→ WHAT YOU WILL DO
Reproduce all the entries, matching the original word for word.

[Stored items]
= = = = = = =

Lemma nbhs1_conjsub h V : is_open_subgroup mul one inv V ->
  nbhs one (conjsub mul inv h V).
Proof.
move=> [[V1 _ _] oV].
have : nbhs (mul (mul (inv h) one) h) V.
  by rewrite (mulg1 HG) (mulVg HG); exact: open_nbhs_nbhs.
move=> /(continuous_comp (@continuous_mull (inv h) one) (@continuous_mulr h _)) nV.
have {}nV : nbhs one [set g | V (mul (mul (inv h) g) h)] := nV.
by apply: filterS nV => g; rewrite (mem_conjsub HG).
Qed.

End TopologicalGroup.

Lemma surjective_smooth_epi (G : topologicalType) (mul : G -> G -> G) (one : G)
    (K : fieldType) (sigma : G -> K -> K) (M N : lmodType K)
    (actM : G -> M -> M) (actN : G -> N -> N) (f : M -> N) :
  (forall n, exists m, f m = n) -> is_smooth_epi mul one sigma actM actN f.
Proof.
move=> fsurj Z actZ _ u v _ _ uf_vf; apply: funext => n.
by have [m <-] := fsurj n; exact: (congr1 (fun h => h m) uf_vf).
Qed.

Section SmoothModules.
Variables (G : topologicalType) (mul : G -> G -> G) (one : G) (inv : G -> G).
Variables (K : fieldType) (sigma : G -> K -> K).
Hypotheses (HG : is_group mul one inv) (Hsigma : is_field_action mul one sigma).

Lemma field_action0 g : sigma g 0 = 0.
Proof.
have [sigmaD _ _ _ _] := Hsigma.
by apply: (addrI (sigma g 0)); rewrite -sigmaD !addr0.
Qed.

Lemma field_action_eq0 g a : (sigma g a == 0) = (a == 0).
Proof.
have [_ sigmaM sigma1 _ _] := Hsigma.
have [->|a0] := eqVneq a 0; first by rewrite field_action0 eqxx.
apply: contraNF (oner_neq0 K) => /eqP sa0.
by rewrite -(sigma1 g) -(mulfV a0) sigmaM sa0 mul0r.
Qed.

Variables (P : lmodType K) (actP : G -> P -> P).
Hypothesis HP : is_smooth_mod mul one sigma actP.

Lemma smooth_act0 g : actP g 0 = 0.
Proof.
have [_ _ actD _ _] := HP.
by apply: (addrI (actP g 0)); rewrite -actD !addr0.
Qed.

Lemma smooth_act_sum g (I : Type) (r : seq I) (F : I -> P) :
  actP g (\sum_(i <- r) F i) = \sum_(i <- r) actP g (F i).
Proof. by have [_ _ actD _ _] := HP; rewrite (big_morph _ (actD g) (smooth_act0 g)). Qed.

Lemma smooth_stab_open_subgroup y :
  is_open_subgroup mul one inv [set g | actP g y = y].
Proof. by case: HP => act1 actM _ _ stab_open; split; [exact: stab_subgroup|]. Qed.

Lemma nbhs1_field_action_fix (x : P) b : x != 0 -> nbhs one [set g | sigma g b = b].
Proof.
have nbhs1_stab y : nbhs one [set g | actP g y = y].
  by have [[y1 _ _] oy] := smooth_stab_open_subgroup y; exact: open_nbhs_nbhs.
move=> x0; apply: filterS (filterI (nbhs1_stab x) (nbhs1_stab (b *: x))).
have [_ _ _ actZ _] := HP; move=> g [/= gx]; rewrite actZ gx => /eqP.
by rewrite -subr_eq0 -scalerBl scaler_eq0 (negbTE x0) orbF subr_eq0 => /eqP.
Qed.

End SmoothModules.

Section PermutationModule.
Variables (G : topologicalType) (mul : G -> G -> G) (one : G) (inv : G -> G).
Variables (K : fieldType) (sigma : G -> K -> K).
Hypotheses (HG : is_group mul one inv) (Hsigma : is_field_action mul one sigma).
Variables (T : choiceType) (tact : G -> T -> T).
Hypotheses (tact1 : forall t, tact one t = t)
  (tactM : forall g h t, tact (mul g h) t = tact g (tact h t)).

Lemma tactK g : cancel (tact g) (tact (inv g)).
Proof. by move=> t; rewrite -tactM (mulVg HG) tact1. Qed.

Lemma tactVK g : cancel (tact (inv g)) (tact g).
Proof. by move=> t; rewrite -tactM (mulgV HG) tact1. Qed.

Definition perm_act g (c : {malg K[T]}) : {malg K[T]} :=
  [malg t in [fset tact g s | s in msupp c]%fset => sigma g c@_(tact (inv g) t)].

Lemma perm_actE g c t : (perm_act g c)@_t = sigma g c@_(tact (inv g) t).
Proof.
rewrite mcoeffE; case: ifPn => // tN.
rewrite mcoeff_outdom ?(field_action0 Hsigma) //; apply: contra tN => ct.
by apply/imfsetP; exists (tact (inv g) t); rewrite ?tactVK.
Qed.

Lemma perm_act1 c : perm_act one c = c.
Proof.
have [_ _ _ sigma1 _] := Hsigma.
by apply/malgP => t; rewrite perm_actE (invg1 HG) tact1 sigma1.
Qed.

Lemma perm_actM g h c : perm_act (mul g h) c = perm_act g (perm_act h c).
Proof.
have [_ _ _ _ sigmaM] := Hsigma.
by apply/malgP => t; rewrite !perm_actE (invMg HG) tactM sigmaM.
Qed.

Lemma perm_act0 g : perm_act g 0 = 0.
Proof. by apply/malgP => t; rewrite perm_actE !mcoeff0 (field_action0 Hsigma). Qed.

Lemma perm_actD g : {morph perm_act g : c d / c + d}.
Proof.
have [sigmaD _ _ _ _] := Hsigma.
by move=> c d; apply/malgP => t; rewrite mcoeffD !perm_actE mcoeffD sigmaD.
Qed.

= = = = = = =

→ ANSWER TO THIS PROBLEM
Lemma nbhs1_conjsub h V : is_open_subgroup mul one inv V ->
  nbhs one (conjsub mul inv h V).
Proof.
move=> [[V1 _ _] oV].
have : nbhs (mul (mul (inv h) one) h) V.
  by rewrite (mulg1 HG) (mulVg HG); exact: open_nbhs_nbhs.
move=> /(continuous_comp (@continuous_mull (inv h) one) (@continuous_mulr h _)) nV.
have {}nV : nbhs one [set g | V (mul (mul (inv h) g) h)] := nV.
by apply: filterS nV => g; rewrite (mem_conjsub HG).
Qed.

End TopologicalGroup.

Lemma surjective_smooth_epi (G : topologicalType) (mul : G -> G -> G) (one : G)
    (K : fieldType) (sigma : G -> K -> K) (M N : lmodType K)
    (actM : G -> M -> M) (actN : G -> N -> N) (f : M -> N) :
  (forall n, exists m, f m = n) -> is_smooth_epi mul one sigma actM actN f.
Proof.
move=> fsurj Z actZ _ u v _ _ uf_vf; apply: funext => n.
by have [m <-] := fsurj n; exact: (congr1 (fun h => h m) uf_vf).
Qed.

Section SmoothModules.
Variables (G : topologicalType) (mul : G -> G -> G) (one : G) (inv : G -> G).
Variables (K : fieldType) (sigma : G -> K -> K).
Hypotheses (HG : is_group mul one inv) (Hsigma : is_field_action mul one sigma).

Lemma field_action0 g : sigma g 0 = 0.
Proof.
have [sigmaD _ _ _ _] := Hsigma.
by apply: (addrI (sigma g 0)); rewrite -sigmaD !addr0.
Qed.

Lemma field_action_eq0 g a : (sigma g a == 0) = (a == 0).
Proof.
have [_ sigmaM sigma1 _ _] := Hsigma.
have [->|a0] := eqVneq a 0; first by rewrite field_action0 eqxx.
apply: contraNF (oner_neq0 K) => /eqP sa0.
by rewrite -(sigma1 g) -(mulfV a0) sigmaM sa0 mul0r.
Qed.

Variables (P : lmodType K) (actP : G -> P -> P).
Hypothesis HP : is_smooth_mod mul one sigma actP.

Lemma smooth_act0 g : actP g 0 = 0.
Proof.
have [_ _ actD _ _] := HP.
by apply: (addrI (actP g 0)); rewrite -actD !addr0.
Qed.

Lemma smooth_act_sum g (I : Type) (r : seq I) (F : I -> P) :
  actP g (\sum_(i <- r) F i) = \sum_(i <- r) actP g (F i).
Proof. by have [_ _ actD _ _] := HP; rewrite (big_morph _ (actD g) (smooth_act0 g)). Qed.

Lemma smooth_stab_open_subgroup y :
  is_open_subgroup mul one inv [set g | actP g y = y].
Proof. by case: HP => act1 actM _ _ stab_open; split; [exact: stab_subgroup|]. Qed.

Lemma nbhs1_field_action_fix (x : P) b : x != 0 -> nbhs one [set g | sigma g b = b].
Proof.
have nbhs1_stab y : nbhs one [set g | actP g y = y].
  by have [[y1 _ _] oy] := smooth_stab_open_subgroup y; exact: open_nbhs_nbhs.
move=> x0; apply: filterS (filterI (nbhs1_stab x) (nbhs1_stab (b *: x))).
have [_ _ _ actZ _] := HP; move=> g [/= gx]; rewrite actZ gx => /eqP.
by rewrite -subr_eq0 -scalerBl scaler_eq0 (negbTE x0) orbF subr_eq0 => /eqP.
Qed.

End SmoothModules.

Section PermutationModule.
Variables (G : topologicalType) (mul : G -> G -> G) (one : G) (inv : G -> G).
Variables (K : fieldType) (sigma : G -> K -> K).
Hypotheses (HG : is_group mul one inv) (Hsigma : is_field_action mul one sigma).
Variables (T : choiceType) (tact : G -> T -> T).
Hypotheses (tact1 : forall t, tact one t = t)
  (tactM : forall g h t, tact (mul g h) t = tact g (tact h t)).

Lemma tactK g : cancel (tact g) (tact (inv g)).
Proof. by move=> t; rewrite -tactM (mulVg HG) tact1. Qed.

Lemma tactVK g : cancel (tact (inv g)) (tact g).
Proof. by move=> t; rewrite -tactM (mulgV HG) tact1. Qed.

Definition perm_act g (c : {malg K[T]}) : {malg K[T]} :=
  [malg t in [fset tact g s | s in msupp c]%fset => sigma g c@_(tact (inv g) t)].

Lemma perm_actE g c t : (perm_act g c)@_t = sigma g c@_(tact (inv g) t).
Proof.
rewrite mcoeffE; case: ifPn => // tN.
rewrite mcoeff_outdom ?(field_action0 Hsigma) //; apply: contra tN => ct.
by apply/imfsetP; exists (tact (inv g) t); rewrite ?tactVK.
Qed.

Lemma perm_act1 c : perm_act one c = c.
Proof.
have [_ _ _ sigma1 _] := Hsigma.
by apply/malgP => t; rewrite perm_actE (invg1 HG) tact1 sigma1.
Qed.

Lemma perm_actM g h c : perm_act (mul g h) c = perm_act g (perm_act h c).
Proof.
have [_ _ _ _ sigmaM] := Hsigma.
by apply/malgP => t; rewrite !perm_actE (invMg HG) tactM sigmaM.
Qed.

Lemma perm_act0 g : perm_act g 0 = 0.
Proof. by apply/malgP => t; rewrite perm_actE !mcoeff0 (field_action0 Hsigma). Qed.

Lemma perm_actD g : {morph perm_act g : c d / c + d}.
Proof.
have [sigmaD _ _ _ _] := Hsigma.
by move=> c d; apply/malgP => t; rewrite mcoeffD !perm_actE mcoeffD sigmaD.
Qed.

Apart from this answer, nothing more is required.